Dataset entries
····················
Lemma preserves_pairs_factor :
  g = (flips (enum [pred i | odd (g (lo i))]) * block_perm pair_action)%g.
Proof.
apply/permP => k; rewrite permM block_permE pair_actionE flipsE ?enum_uniq //.
rewrite mem_enum inE; have [i [b ->]] := slotP k; have [a [c Ea]] := slotP (g (lo i)).
rewrite pair_of_slot Ea odd_slot.
have gslot : g (slot i b) = slot a (c (+) b).
  by case: b; rewrite ?addbF //= addbT -partner_lo gP Ea partner_slot.
rewrite gslot; case: c Ea gslot => Ea _;
  by rewrite ?partner_slot pair_of_slot Ea pair_of_slot odd_slot //= negbK.
Qed.

Lemma odd_preserves_pairs : odd_perm g = odd #|[pred i | odd (g (lo i))]|.
Proof.
by rewrite {1}preserves_pairs_factor odd_permM odd_flips odd_block_perm addbF cardE.
Qed.

End PairAction.

Lemma canon_pairingP (s : 'S_n) : canon_pairing s ->
  (forall i, (s (lo i) < s (hi i))%N) /\
  (forall i j : 'I_h, (i < j)%N -> (s (lo i) < s (lo j))%N).
Proof.
case/andP => /forallP s_pair /forallP s_incr; split=> [i|i j ij]; first exact: s_pair.
by have /forallP/(_ j)/implyP := s_incr i; apply.
Qed.

Lemma preserves_pairsV g : preserves_pairs g -> preserves_pairs g^-1%g.
Proof. by move=> gP k; apply: (@perm_inj _ g); rewrite permKV gP permKV. Qed.

Lemma preserves_pairsM g1 g2 :
  preserves_pairs g1 -> preserves_pairs g2 -> preserves_pairs (g1 * g2)%g.
Proof. by move=> g1P g2P k; rewrite !permM g1P g2P. Qed.

Lemma canon_pairing_unique (s s' g : 'S_n) : canon_pairing s -> canon_pairing s' ->
  preserves_pairs g -> s = (g * s')%g -> s = s'.
Proof.
move=> /canon_pairingP [s_pair s_incr] /canon_pairingP [s'_pair s'_incr] gP sE.
have {}sE k : s k = s' (g k) by rewrite sE permM.
have g_lo i : odd (g (lo i)) = false.
  have [a [b Ea]] := slotP (g (lo i)); rewrite Ea odd_slot.
  case: b Ea => // Ea; have := s_pair i; rewrite !sE -partner_lo gP Ea partner_slot /=.
  by have := s'_pair a; lia.
pose F i := pair_of (g (lo i)).
have gE i b : g (slot i b) = slot (F i) b.
  have [a [c Ea]] := slotP (g (lo i)).
  have := g_lo i; rewrite /F Ea odd_slot pair_of_slot => c0; subst c.
  by case: b; rewrite /= -?partner_lo ?gP Ea.
have F_incr (i j : 'I_h) : (i < j)%N -> (F i < F j)%N.
  move=> ij; have := s_incr i j ij.
  rewrite !sE -[lo i]/(slot i false) -[lo j]/(slot j false) !gE /=.
  case: (ltngtP (F i) (F j)) => // [ji|/val_inj ->]; last by lia.
  by have := s'_incr _ _ ji; lia.
by apply/permP => k; have [i [b ->]] := slotP k; rewrite sE gE (incr_ord_id F_incr).
Qed.

Section CanonOf.
Variable sg : 'S_n.

(* The pairing listed by [sg] is [{v, partner_of v}]; its canonical listing puts the
   smaller element of each pair first and orders the pairs by these leaders. *)
Definition partner_of (v : 'I_n) : 'I_n := sg (partner ((sg^-1)%g v)).

Lemma partner_ofK : involutive partner_of.
Proof. by move=> v; rewrite /partner_of permK partnerK permKV. Qed.

Lemma partner_of_neq v : nat_of_ord (partner_of v) <> v.
Proof.
move/val_inj; rewrite /partner_of => E; have := partner_neq ((sg^-1)%g v).
by rewrite -{2}E permK eqxx.
Qed.

Definition leaders : {set 'I_n} := [set v : 'I_n | (v < partner_of v)%N].

Definition leader_seq := enum leaders.

Lemma size_leader_seq : size leader_seq = h.
Proof.
rewrite -cardE.
have leadersC : ~: leaders = partner_of @^-1: leaders.
  by apply/setP => v; rewrite !inE partner_ofK; have := @partner_of_neq v; lia.
have := cardsC leaders; rewrite leadersC card_preimset ?card_ord; last first.
  exact: can_inj partner_ofK.
by have := even_halfE; lia.
Qed.

Lemma sorted_leader_seq : sorted (fun x y : 'I_n => (x < y)%N) leader_seq.
Proof.
rewrite /leader_seq /enum_mem -enumT; apply: sorted_filter.
  by move=> x y z; apply: ltn_trans.
by rewrite -(@sorted_map _ _ val ltn) val_enum_ord iota_ltn_sorted.
Qed.

Definition leader (i : 'I_h) : 'I_n := nth (lo i) leader_seq i.

Lemma leader_lt i : (leader i < partner_of (leader i))%N.
Proof.
have : leader i \in leader_seq by apply: mem_nth; rewrite size_leader_seq.
by rewrite mem_enum inE.
Qed.

Lemma leader_incr (i j : 'I_h) : (i < j)%N -> (leader i < leader j)%N.
Proof.
move=> ij; rewrite /leader (set_nth_default (lo i) (lo j)) ?size_leader_seq //.
apply: (sorted_ltn_nth _ _ sorted_leader_seq); rewrite ?inE ?size_leader_seq //.
by move=> x y z; apply: ltn_trans.
Qed.

Lemma leader_inj : injective leader.
Proof.
move=> i j E; apply/val_inj/eqP.
by case: (ltngtP i j) => // ij; have := leader_incr ij; rewrite E ltnn.
Qed.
····················
[Your task]: Give back the data above exactly, so that every line matches.

[Written solution]:
Lemma preserves_pairs_factor :
  g = (flips (enum [pred i | odd (g (lo i))]) * block_perm pair_action)%g.
Proof.
apply/permP => k; rewrite permM block_permE pair_actionE flipsE ?enum_uniq //.
rewrite mem_enum inE; have [i [b ->]] := slotP k; have [a [c Ea]] := slotP (g (lo i)).
rewrite pair_of_slot Ea odd_slot.
have gslot : g (slot i b) = slot a (c (+) b).
  by case: b; rewrite ?addbF //= addbT -partner_lo gP Ea partner_slot.
rewrite gslot; case: c Ea gslot => Ea _;
  by rewrite ?partner_slot pair_of_slot Ea pair_of_slot odd_slot //= negbK.
Qed.

Lemma odd_preserves_pairs : odd_perm g = odd #|[pred i | odd (g (lo i))]|.
Proof.
by rewrite {1}preserves_pairs_factor odd_permM odd_flips odd_block_perm addbF cardE.
Qed.

End PairAction.

Lemma canon_pairingP (s : 'S_n) : canon_pairing s ->
  (forall i, (s (lo i) < s (hi i))%N) /\
  (forall i j : 'I_h, (i < j)%N -> (s (lo i) < s (lo j))%N).
Proof.
case/andP => /forallP s_pair /forallP s_incr; split=> [i|i j ij]; first exact: s_pair.
by have /forallP/(_ j)/implyP := s_incr i; apply.
Qed.

Lemma preserves_pairsV g : preserves_pairs g -> preserves_pairs g^-1%g.
Proof. by move=> gP k; apply: (@perm_inj _ g); rewrite permKV gP permKV. Qed.

Lemma preserves_pairsM g1 g2 :
  preserves_pairs g1 -> preserves_pairs g2 -> preserves_pairs (g1 * g2)%g.
Proof. by move=> g1P g2P k; rewrite !permM g1P g2P. Qed.

Lemma canon_pairing_unique (s s' g : 'S_n) : canon_pairing s -> canon_pairing s' ->
  preserves_pairs g -> s = (g * s')%g -> s = s'.
Proof.
move=> /canon_pairingP [s_pair s_incr] /canon_pairingP [s'_pair s'_incr] gP sE.
have {}sE k : s k = s' (g k) by rewrite sE permM.
have g_lo i : odd (g (lo i)) = false.
  have [a [b Ea]] := slotP (g (lo i)); rewrite Ea odd_slot.
  case: b Ea => // Ea; have := s_pair i; rewrite !sE -partner_lo gP Ea partner_slot /=.
  by have := s'_pair a; lia.
pose F i := pair_of (g (lo i)).
have gE i b : g (slot i b) = slot (F i) b.
  have [a [c Ea]] := slotP (g (lo i)).
  have := g_lo i; rewrite /F Ea odd_slot pair_of_slot => c0; subst c.
  by case: b; rewrite /= -?partner_lo ?gP Ea.
have F_incr (i j : 'I_h) : (i < j)%N -> (F i < F j)%N.
  move=> ij; have := s_incr i j ij.
  rewrite !sE -[lo i]/(slot i false) -[lo j]/(slot j false) !gE /=.
  case: (ltngtP (F i) (F j)) => // [ji|/val_inj ->]; last by lia.
  by have := s'_incr _ _ ji; lia.
by apply/permP => k; have [i [b ->]] := slotP k; rewrite sE gE (incr_ord_id F_incr).
Qed.

Section CanonOf.
Variable sg : 'S_n.

(* The pairing listed by [sg] is [{v, partner_of v}]; its canonical listing puts the
   smaller element of each pair first and orders the pairs by these leaders. *)
Definition partner_of (v : 'I_n) : 'I_n := sg (partner ((sg^-1)%g v)).

Lemma partner_ofK : involutive partner_of.
Proof. by move=> v; rewrite /partner_of permK partnerK permKV. Qed.

Lemma partner_of_neq v : nat_of_ord (partner_of v) <> v.
Proof.
move/val_inj; rewrite /partner_of => E; have := partner_neq ((sg^-1)%g v).
by rewrite -{2}E permK eqxx.
Qed.

Definition leaders : {set 'I_n} := [set v : 'I_n | (v < partner_of v)%N].

Definition leader_seq := enum leaders.

Lemma size_leader_seq : size leader_seq = h.
Proof.
rewrite -cardE.
have leadersC : ~: leaders = partner_of @^-1: leaders.
  by apply/setP => v; rewrite !inE partner_ofK; have := @partner_of_neq v; lia.
have := cardsC leaders; rewrite leadersC card_preimset ?card_ord; last first.
  exact: can_inj partner_ofK.
by have := even_halfE; lia.
Qed.

Lemma sorted_leader_seq : sorted (fun x y : 'I_n => (x < y)%N) leader_seq.
Proof.
rewrite /leader_seq /enum_mem -enumT; apply: sorted_filter.
  by move=> x y z; apply: ltn_trans.
by rewrite -(@sorted_map _ _ val ltn) val_enum_ord iota_ltn_sorted.
Qed.

Definition leader (i : 'I_h) : 'I_n := nth (lo i) leader_seq i.

Lemma leader_lt i : (leader i < partner_of (leader i))%N.
Proof.
have : leader i \in leader_seq by apply: mem_nth; rewrite size_leader_seq.
by rewrite mem_enum inE.
Qed.

Lemma leader_incr (i j : 'I_h) : (i < j)%N -> (leader i < leader j)%N.
Proof.
move=> ij; rewrite /leader (set_nth_default (lo i) (lo j)) ?size_leader_seq //.
apply: (sorted_ltn_nth _ _ sorted_leader_seq); rewrite ?inE ?size_leader_seq //.
by move=> x y z; apply: ltn_trans.
Qed.

Lemma leader_inj : injective leader.
Proof.
move=> i j E; apply/val_inj/eqP.
by case: (ltngtP i j) => // ij; have := leader_incr ij; rewrite E ltnn.
Qed.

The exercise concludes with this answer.